By: Ellen Teague and Jo Siedlecka
The spirituality and exuberance of 10,000 young people who attended Flame 2017 on Saturday could be seen in the quiet listening to witness stories, reverential prayer and the joyful singing along to the music of Matt Redmond and a vibrant Mexican wave encircling the Wembley Arena. The Redmond song, '10,000 Reasons' was a theme of the day, referring to God's blessings and reasons to be hopeful for the future. The quote from St Paul, 'Fan your flames into a gift' stood out on the screen.
The largest gathering of Catholic youth happens every two years and is organised by the Catholic Youth Ministry Federation (CYMFed). Trains and coaches were travelling to Wembley from the early hours of Saturday morning from every Catholic diocese in England and Wales. Some also came from Scotland and there was a contingent from Norway. Colourful groups - some from Nottingham sported Sherwood green Robin Hood hats - posed for photos outside before moving into the venue, where they were soon joining in the mobile phone light show and moving in time to the music. Many diocesan bishops sat alongside their young people and youth leaders. Fast-moving presentations were well-planned and varied with multi media backgrounds and lighting effects.
The Opening Liturgy was full of dance, movement and time for reflective prayer. The official welcome from CYMFed was given by Fr Dermott Donnelly of Youth Services in Hexham and Newcastle Diocese. "Wow, what a sight!" the brother of celebrity Declan Donnelly exclaimed from the podium. Cardinal Vincent Nichols brought a message from Pope Francis - who was cheered every time his name was mentioned - and especially when he called on the young people "to help vulnerable migrants and our neighbours who feel abandoned." Cardinal Vincent urged the young people to feed into planning for the 2018 Synod of Bishops on 'Youth, faith and vocational discernment'.
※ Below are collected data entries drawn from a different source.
(* Let $X$ be a feasible solution of the General-Cost Convex Program and let $\alpha_i$ be the first arrival times produced by Continuous-Time Poisson Rounding from $X$. For any $\tau\ge 0$, $$\mathbf{E}\Big[\sum_{i:\,\alpha_i<\tau}c_i\Big]\le\tau.$$
   Context: Boxes $[n]$ with costs $c_i>0$. Write $x_+=\max\{x,0\}$. A feasible solution of the General-Cost Convex Program is a family of non-decreasing functions $X_i:[0,\infty)\to[0,1]$, $i\in[n]$, with $\sum_{i\in[n]}\big(X_i(t)-X_i((t-c_i)_+)\big)\le 1$ for all $t\ge 0$. Continuous-Time Poisson Rounding: let $\bar x_i(t)=\frac1t\int_0^t\big(X_i(t')-X_i((t'-c_i)_+)\big)\,dt'$. Independently for each box $i$, arrivals of box $i$ form a non-homogeneous Poisson process in time $\tau\ge 0$ with rate $\frac1{c_i}\bar x_i(\tau/2)$; $\alpha_i$ is the first arrival time of box $i$ ($\infty$ if none). *)

From HB Require Import structures.
From mathcomp Require Import all_boot all_order all_algebra.
From mathcomp Require Import all_classical all_reals all_analysis.
From mathcomp Require Import measurable_realfun.
Set Implicit Arguments. Unset Strict Implicit. Unset Printing Implicit Defensive.
Import Order.TTheory GRing.Theory Num.Theory.
Import numFieldNormedType.Exports.
Local Open Scope classical_set_scope.
Local Open Scope ring_scope.

Section GCCP.
Variables (R : realType) (n : nat) (c : 'I_n -> R) (X : 'I_n -> R -> R).

Definition posp (x : R) : R := Num.max x 0.

(* feasibility for the General-Cost Convex Program; the functions X_i are
   defined on all of R but only their values on [0, oo) matter. *)
Definition GCCP_feasible : Prop :=
  (forall i s t, 0 <= s -> s <= t -> X i s <= X i t) /\
  (forall i t, 0 <= t -> 0 <= X i t <= 1) /\
  (forall t, 0 <= t -> \sum_(i < n) (X i t - X i (posp (t - c i))) <= 1).

(* xbar_i(t) = (1/t) int_0^t (X_i(t') - X_i((t'-c_i)_+)) dt'
   (Lebesgue integral; at t = 0 the value is 0 since 0^-1 = 0 in MathComp,
   which is irrelevant: a single point is Lebesgue-null). *)
Definition xbar (i : 'I_n) (t : R) : R :=
  t^-1 * \int[@lebesgue_measure R]_(t' in `[0, t]) (X i t' - X i (posp (t' - c i))).

Definition poisson_rate (i : 'I_n) (tau : R) : R := (c i)^-1 * xbar i (tau / 2).

Definition cum_intensity (i : 'I_n) (t : R) : R :=
  \int[@lebesgue_measure R]_(s in `[0, t]) poisson_rate i s.

End GCCP.

(* alpha is the first arrival time of a (non-homogeneous) Poisson process with
   cumulative intensity Lam: P(no arrival in [0,t]) = P(alpha > t) = exp(-Lam t). *)
Definition first_arrival_law d (T : measurableType d) (R : realType)
  (P : probability T R) (alpha : T -> \bar R) (Lam : R -> R) : Prop :=
  measurable_fun (setT : set T) (alpha : T -> \bar R) /\
  forall t : R, 0 <= t -> P [set w | (t%:E < alpha w)%E] = (expR (- Lam t))%:E.

Definition mutually_independent d (T : measurableType d) (R : realType)
  (P : probability T R) (n : nat) (alpha : 'I_n -> T -> \bar R) : Prop :=
  forall (J : {set 'I_n}) (B : 'I_n -> set (\bar R)),
    (forall j, measurable (B j)) ->
    P (\bigcap_(j in [set j | j \in J]) (alpha j @^-1` B j)) =
    (\prod_(j in J) P (alpha j @^-1` B j))%E.

From mathcomp Require Import all_boot all_order all_algebra.
From mathcomp Require Import all_classical all_reals all_analysis.
From mathcomp Require Import measurable_realfun.
From mathcomp Require Import lra.
Import Order.TTheory GRing.Theory Num.Theory.
Import numFieldNormedType.Exports.
Local Open Scope classical_set_scope.
Local Open Scope ring_scope.

(* By linearity of expectation the left-hand side is sum_i c_i P(alpha_i < tau),
   and P(alpha_i < tau) <= 1 - exp(-Lambda_i(tau)) <= Lambda_i(tau).  Moreover
   c_i Lambda_i(tau) = int_0^tau xbar_i(s/2) ds, so it suffices that
   sum_i xbar_i(t) <= 1 for every t >= 0: this is the feasibility constraint
   sum_i (X_i(t') - X_i((t' - c_i)_+)) <= 1 averaged over t' in [0, t]. *)

Lemma ler_term_sum (R : numDomainType) (I : finType) (F : I -> R) (i : I) :
  (forall j, 0 <= F j) -> F i <= \sum_j F j.
Proof. by move=> F0; rewrite (bigD1 i) //= lerDl sumr_ge0. Qed.

Section unit_valued_integral.
Context {d} {T : measurableType d} {R : realType} (mu : {measure set T -> \bar R}).
Context {D : set T}.
Hypothesis mD : measurable D.

Lemma integral_unit_valued_le_measure {f : T -> R} : measurable_fun D f ->
  (forall x, D x -> 0 <= f x <= 1) -> (\int[mu]_(x in D) (f x)%:E <= mu D)%E.
Proof.
move=> mf f01; rewrite -[mu D]mul1e -integral_cst //.
apply: ge0_le_integral => //.
- by move=> x /f01/andP[f0 _]; rewrite lee_fin.
- exact/measurable_EFinP.
- by move=> x /f01/andP[_ f1]; rewrite lee_fin.
Qed.

Hypothesis muD_fin : (mu D < +oo)%E.

Lemma integrable_unit_valued {f : T -> R} : measurable_fun D f ->
  (forall x, D x -> 0 <= f x <= 1) -> mu.-integrable D (EFin \o f).
Proof.
move=> mf f01; apply/integrableP; split; first exact/measurable_EFinP.
apply: le_lt_trans muD_fin; rewrite (eq_integral (fun x => (f x)%:E)).
  exact: integral_unit_valued_le_measure.
by move=> x /[!inE] /f01/andP[f0 _] /=; rewrite ger0_norm.
Qed.

Lemma Rintegral_unit_valuedE {f : T -> R} : measurable_fun D f ->
  (forall x, D x -> 0 <= f x <= 1) ->
  (\int[mu]_(x in D) f x)%:E = (\int[mu]_(x in D) (f x)%:E)%E.
Proof.
by move=> mf f01; rewrite fineK // integrable_fin_num // integrable_unit_valued.
Qed.

Lemma sum_Rintegral_le_measure (I : finType) (f : I -> T -> R) :
  (forall i, measurable_fun D (f i)) -> (forall i x, D x -> 0 <= f i x) ->
  (forall x, D x -> \sum_i f i x <= 1) ->
  ((\sum_i \int[mu]_(x in D) f i x)%:E <= mu D)%E.
Proof.
move=> mf f0 sumf1.
have f01 i x : D x -> 0 <= f i x <= 1.
  move=> Dx; rewrite f0 //=; apply: le_trans (sumf1 _ Dx).
  by apply: ler_term_sum => j; exact: f0.
rewrite -sumEFin (eq_bigr _ (fun i _ => Rintegral_unit_valuedE (mf i) (f01 i))).
rewrite -ge0_integral_sum //; last by move=> i; exact/measurable_EFinP.
under eq_integral do rewrite sumEFin.
apply: integral_unit_valued_le_measure => [|x Dx]; first exact: measurable_sum.
by rewrite sumf1 // andbT sumr_ge0 // => i _; exact: f0.
Qed.

End unit_valued_integral.

Section lebesgue_cc.
Context {R : realType}.
Local Notation mu := (@lebesgue_measure R).

Lemma lebesgue_measure_cc (a b : R) : a <= b -> mu `[a, b] = (b - a)%:E.
Proof.
rewrite le_eqVlt => /predU1P[<-|ab].
  by rewrite set_itv1 lebesgue_measure_set1 subrr.
by rewrite lebesgue_measure_itv /= lte_fin ab EFinB.
Qed.

Lemma lebesgue_measure_cc_fin (a b : R) : (mu `[a, b] < +oo)%E.
Proof.
have [ab|ba] := leP a b; first by rewrite lebesgue_measure_cc // ltry.
by rewrite set_itv_ge ?measure0 // ltBSide /= -ltNge.
Qed.

Lemma measurable_inv_gt0 : measurable_fun (`]0, +oo[ : set R) (@GRing.inv R).
Proof.
apply: open_continuous_measurable_fun; first exact: rray_open.
move=> x; rewrite inE /= in_itv /= andbT => x0.
by apply: inv_continuous; rewrite gt_eqF.
Qed.

Lemma nondecreasing_Rintegral_cc0 (f : R -> R) : measurable_fun setT f ->
  (forall x, 0 <= f x <= 1) ->
  nondecreasing_fun (fun t => \int[mu]_(x in `[0, t]) f x).
Proof.
move=> mf f01 s t st /=.
have f01D (D : set R) x : D x -> 0 <= f x <= 1 by move=> _; exact: f01.
have [s_lt0|s_ge0] := ltP s 0.
  rewrite set_itv_ge ?Rintegral_set0; last by rewrite ltBSide /= -ltNge.
  by apply: Rintegral_ge0 => x /f01D/andP[].
have mfD (D : set R) : measurable_fun D f :=
  measurable_funS measurableT (@subsetT _ D) mf.
rewrite -lee_fin !(Rintegral_unit_valuedE mu (measurable_itv _)
  (lebesgue_measure_cc_fin _ _) (mfD _) (f01D _)).
apply: ge0_subset_integral => //.
- by apply/measurable_EFinP; exact: mfD.
- by move=> x /f01D/andP[f0 _]; rewrite lee_fin.
- by move=> x /=; rewrite !in_itv /= => /andP[-> xs]; exact: le_trans st.
Qed.

Lemma sum_Rintegral_cc0_le (I : finType) (f : I -> R -> R) (t : R) : 0 <= t ->
  (forall i, measurable_fun `[0, t] (f i)) ->
  (forall i x, 0 <= x <= t -> 0 <= f i x) ->
  (forall x, 0 <= x <= t -> \sum_i f i x <= 1) ->
  \sum_i \int[mu]_(x in `[0, t]) f i x <= t.
Proof.
move=> t0 mf f0 sumf1.
have := sum_Rintegral_le_measure mu (measurable_itv `[0, t])
  (lebesgue_measure_cc_fin 0 t) _ _ mf.
rewrite /= (lebesgue_measure_cc _ _ t0) subr0 lee_fin.
apply=> [i x|x]; rewrite /= in_itv /=.
  exact: f0.
exact: sumf1.
Qed.

End lebesgue_cc.

Section positive_part.
Context {R : realType}.

Lemma posp_ge0 (t : R) : 0 <= posp t.
Proof. by rewrite /posp le_max lexx orbT. Qed.

Lemma ge0_posp (t : R) : 0 <= t -> posp t = t.
Proof. by move=> t0; rewrite /posp max_l. Qed.

Lemma nondecreasing_posp : nondecreasing_fun (@posp R).
Proof. by move=> s t st; rewrite /posp le_max !ge_max; case: (leP 0 s) => s0; lra. Qed.

End positive_part.

Section GCCP_feasible_solution.
Context {R : realType} {n : nat} (c : 'I_n -> R) (X : 'I_n -> R -> R).
Hypotheses (c_gt0 : forall i, 0 < c i) (feasX : GCCP_feasible c X).
Local Notation mu := (@lebesgue_measure R).

(* Both arguments are clamped, so that occupancy i is a difference of
   nondecreasing functions on all of R (hence measurable); on [0, +oo) it is
   the integrand of xbar. *)
Definition occupancy (i : 'I_n) (t : R) : R := X i (posp t) - X i (posp (t - c i)).

Lemma nondecreasing_X_posp i : nondecreasing_fun (fun t => X i (posp t)).
Proof.
move=> s t st; case: feasX => [X_nd _].
by apply: X_nd; [exact: posp_ge0 | exact: nondecreasing_posp].
Qed.

Lemma occupancy_itv i t : 0 <= occupancy i t <= 1.
Proof.
have [_ [X01 _]] := feasX.
have /andP[Xt0 Xt1] := X01 i _ (posp_ge0 t).
have /andP[Xs0 Xs1] := X01 i _ (posp_ge0 (t - c i)).
have : X i (posp (t - c i)) <= X i (posp t).
  by apply: nondecreasing_X_posp; rewrite gerBl ltW.
rewrite /occupancy; lra.
Qed.

Lemma measurable_occupancy i : measurable_fun setT (occupancy i).
Proof.
apply: measurable_funB; first exact: nondecreasing_measurable (nondecreasing_X_posp i).
apply: nondecreasing_measurable => // s t st.
by apply: nondecreasing_X_posp; rewrite lerB.
Qed.

Lemma sum_occupancy_le1 t : 0 <= t -> \sum_i occupancy i t <= 1.
Proof.
move=> t0; have [_ [_ sumX]] := feasX.
by under eq_bigr do rewrite /occupancy (ge0_posp _ t0); exact: sumX.
Qed.

Lemma xbarE i t : 0 <= t ->
  xbar c X i t = t^-1 * \int[mu]_(x in `[0, t]) occupancy i x.
Proof.
move=> t0; rewrite /xbar; congr (_ * _); apply: eq_Rintegral => x.
by rewrite inE /= in_itv /= => /andP[x0 _]; rewrite /occupancy [posp x]ge0_posp.
Qed.

Lemma xbar_ge0 i t : 0 <= t -> 0 <= xbar c X i t.
Proof.
move=> t0; rewrite xbarE // mulr_ge0 ?invr_ge0 //.
by apply: Rintegral_ge0 => x _; have /andP[] := occupancy_itv i x.
Qed.

Lemma sum_xbar_le1 t : 0 <= t -> \sum_i xbar c X i t <= 1.
Proof.
move=> t0; under eq_bigr do rewrite xbarE //; rewrite -mulr_sumr.
have [->|t_neq0] := eqVneq t 0; first by rewrite invr0 mul0r.
have t_gt0 : 0 < t by rewrite lt_neqAle eq_sym t_neq0.
rewrite mulrC ler_pdivrMr // mul1r; apply: sum_Rintegral_cc0_le => //.
- by move=> i; exact: measurable_funS (measurable_occupancy i).
- by move=> i x _; have /andP[] := occupancy_itv i x.
- by move=> x /andP[x0 _]; exact: sum_occupancy_le1.
Qed.

Lemma xbar_itv i t : 0 <= t -> 0 <= xbar c X i t <= 1.
Proof.
move=> t0; rewrite xbar_ge0 //= (le_trans _ (sum_xbar_le1 t t0)) //.
by apply: ler_term_sum => j; exact: xbar_ge0.
Qed.

Lemma measurable_xbar_half i (tau : R) :
  measurable_fun `[0, tau] (fun s => xbar c X i (s / 2)).
Proof.
(* Away from s = 0, xbar (s / 2) is 2 / s times a nondecreasing function of s. *)
apply/measurable_fun_itv_obnd_cbndP.
apply: (eq_measurable_fun
  (fun s : R => 2 / s * \int[mu]_(x in `[0, s / 2]) occupancy i x)).
  move=> s; rewrite inE /= in_itv /= => /andP[s_gt0 _].
  by rewrite xbarE ?invf_div // divr_ge0 // ltW.
apply: measurable_funM.
  apply: measurable_funM; first exact: measurable_cst.
  apply: measurable_funS measurable_inv_gt0 => // s /=.
  by rewrite !in_itv /= => /andP[-> _].
apply: nondecreasing_measurable => // s t st.
apply: nondecreasing_Rintegral_cc0; last lra.
- exact: measurable_occupancy.
- exact: occupancy_itv.
Qed.

Lemma cum_intensityE i (tau : R) : 0 <= tau ->
  c i * cum_intensity c X i tau = \int[mu]_(s in `[0, tau]) xbar c X i (s / 2).
Proof.
move=> tau0; rewrite /cum_intensity /poisson_rate RintegralZl //.
  by rewrite mulrA mulfV ?gt_eqF // mul1r.
apply: integrable_unit_valued => //; first exact: lebesgue_measure_cc_fin.
  exact: measurable_xbar_half.
by move=> s; rewrite /= in_itv /= => /andP[s0 _]; apply: xbar_itv; lra.
Qed.

Lemma sum_cum_intensity_le (tau : R) : 0 <= tau ->
  \sum_i c i * cum_intensity c X i tau <= tau.
Proof.
move=> tau0; under eq_bigr do rewrite cum_intensityE //.
apply: sum_Rintegral_cc0_le => // [i|i s /andP[s0 _]|s /andP[s0 _]].
- exact: measurable_xbar_half.
- by apply: xbar_ge0; lra.
- by apply: sum_xbar_le1; lra.
Qed.

End GCCP_feasible_solution.

Lemma ge0_integral_weighted_count d (T : measurableType d) (R : realType)
    (mu : {measure set T -> \bar R}) (I : finType) (c : I -> R) (p : I -> T -> bool) :
  (forall i, 0 <= c i) -> (forall i, measurable [set w | p i w]) ->
  (\int[mu]_w (\sum_(i | p i w) c i)%:E = \sum_i (c i)%:E * mu [set w | p i w])%E.
Proof.
move=> c0 mp.
have -> : (fun w => (\sum_(i | p i w) c i)%:E) =
          (fun w => \sum_i (c i * \1_[set w | p i w] w)%:E)%E.
  apply: boolp.funext => w; rewrite sumEFin big_mkcond /=; congr EFin.
  apply: eq_bigr => i _; rewrite indicE; case: ifP => piw.
    by rewrite mem_set // mulr1.
  by rewrite memNset ?mulr0 //= piw.
have m1 i : measurable_fun setT (fun w => (\1_[set w | p i w] w)%:E : \bar R).
  exact/measurable_EFinP/measurable_indic.
rewrite ge0_integral_sum //; last 2 first.
- by move=> i; under eq_fun do rewrite EFinM; exact: emeasurable_funM.
- by move=> i w _; rewrite lee_fin mulr_ge0.
apply: eq_bigr => i _; under eq_integral do rewrite EFinM.
by rewrite ge0_integralZl_EFin // integral_indic // setIT.
Qed.

Section first_arrival.
Context d (T : measurableType d) (R : realType) (P : probability T R).
Variables (alpha : T -> \bar R) (Lam : R -> R).
Hypothesis alpha_law : first_arrival_law P alpha Lam.

Lemma measurable_first_arrival_lt (tau : R) : measurable [set w | (alpha w < tau%:E)%E].
Proof.
have [malpha _] := alpha_law; rewrite -[X in measurable X]setTI.
by apply: measurable_lte => //; exact: measurable_cst.
Qed.

Lemma first_arrival_lt_le (tau : R) : 0 <= tau ->
  (P [set w | (alpha w < tau%:E)%E] <= (Lam tau)%:E)%E.
Proof.
move=> tau0; have [malpha no_arrival] := alpha_law.
have mgt : measurable [set w | (tau%:E < alpha w)%E].
  rewrite -[X in measurable X]setTI.
  by apply: measurable_lte => //; exact: measurable_cst.
apply: (@le_trans _ _ (P (~` [set w | (tau%:E < alpha w)%E]))).
  apply: le_measure; rewrite ?inE.
  - exact: measurable_first_arrival_lt.
  - exact: measurableC.
  - by move=> w /= lt_tau gt_tau; move: (lt_trans lt_tau gt_tau); rewrite ltxx.
rewrite probability_setC // no_arrival // -EFinB lee_fin.
have := expR_ge1Dx (- Lam tau); lra.
Qed.

End first_arrival.

Theorem lemma4p3 (R : realType) (n : nat) (c : 'I_n -> R) (X : 'I_n -> R -> R)
  (d : measure_display) (T : measurableType d) (P : probability T R)
  (alpha : 'I_n -> T -> \bar R) :
  (forall i, 0 < c i) ->
  GCCP_feasible c X ->
  mutually_independent P alpha ->
  (forall i, first_arrival_law P (alpha i) (cum_intensity c X i)) ->
  forall tau : R, 0 <= tau ->
  (\int[P]_w (\sum_(i < n | (alpha i w < tau%:E)%E) c i)%:E <= tau%:E)%E.
Proof.
move=> c_gt0 feasX _ law tau tau0.
rewrite ge0_integral_weighted_count; last 2 first.
- by move=> i; exact: ltW.
- by move=> i; exact: measurable_first_arrival_lt.
apply: (@le_trans _ _ (\sum_i (c i * cum_intensity c X i tau)%:E)%E).
  apply: lee_sum => i _; rewrite EFinM lee_pmul2l ?lte_fin //.
  exact: first_arrival_lt_le.
by rewrite sumEFin lee_fin sum_cum_intensity_le.
Qed.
Cardinal Charles Bo from Myanmar was warmly received when he urged the young people to "carry the flame of hope" in today's world, particularly bringing hope to those less fortunate." Smiling throughout, he said: "I see beautiful faces and colours and this is the diversity of the Catholic Church." He spoke of the suffering in his country, particularly the 200,000 Muslim Rohingya displaced in the north and the Karen who are plagued by human trafficking. Cardinal Bo reported that he has been calling 2017 a Year of Peace although "everywhere the voices of hatred are becoming stronger and all of us must counter this." He reported that Catholics are working for justice in Myanmar's slums, camps for displaced people and in projects that promote education, health and build bridges between faiths. His phrase that "hope has no expiry date" was very popular on social media. Cardinal Bo also mentioned that he had wanted to look inside Wembley Stadium - but he he was shocked to see that the ticket cost £20. "That's a month's salary for me," he told the crowds.
Throughout the day, a migrant boat TO6411 from the Italian island of Lampedusa was lit up on one side of the stage. This tiny vessel, which originally came from from Turkey crammed with over 100 people, including several babies, was sailed to London from Lampedusa by artist Lucy Wood in 2013 to highlight the plight of refugees who risk their lives trying to get to Europe. Last year the UN report that more than 2,500 people drowned in that dangerous journey. This focus on migrants was followed by prayers for those displaced from their homes and those seeking to find shelter and safety in Europe. It was picked up in the afternoon by Sarah Teather, head of the Jesuit Refugee Service, who showed a powerful video of 'refugee friends' speaking about their difficult lives in the UK, where asylum seekers are not permitted to work and feel they have lost their identity. "JRS has been my home" reflected one. Sarah asked the each of the 10,000 young people in the arena to think about doing "one thing" to support refugees. "If each person does just one thing - what a difference that would make" she said.
Two young CAFOD volunteers - student teacher Leah Fox and Ryan Wilkinson, a volunteer with the Salesian retreat centre in Sheffield - described meeting refugees in the Lebanon. They said they felt the Church is a global community reaching out to the vulnerable.
Fr Augusto Zampini, a CAFOD theological advisor who hails from the same city - Buenos Aires - as Pope Francis, spoke about the message of Laudato Si' and Pope Francis. We must "always try to see reality through the eyes of the poor; the Holy Spirit will help us with this." Fr Augusto urged the huge gathering to make a difference by working together as a community.
Several times during the day the hashtag #Flame2017 was trending on Twitter. The young participants in the arena were encouraged to write messages to refugees and to support by fundraising, campaigning and praying. Tweeting and texting went on throughout the day, and an app on mobile phones encouraged young people to imagine what it must be like to flee for your life.
Creative activities took place outside during the lunch break, where young people had to imagine trying to engage with the British public as refugees from overseas. Rise Theatre led some improvisations. One CAFOD stand encouraged volunteers to generate energy by cycling.
There was a closing liturgy with quiet Adoration and Benediction - before Flame2017 came to an end and the crowds began to head for their coaches and the long journey home.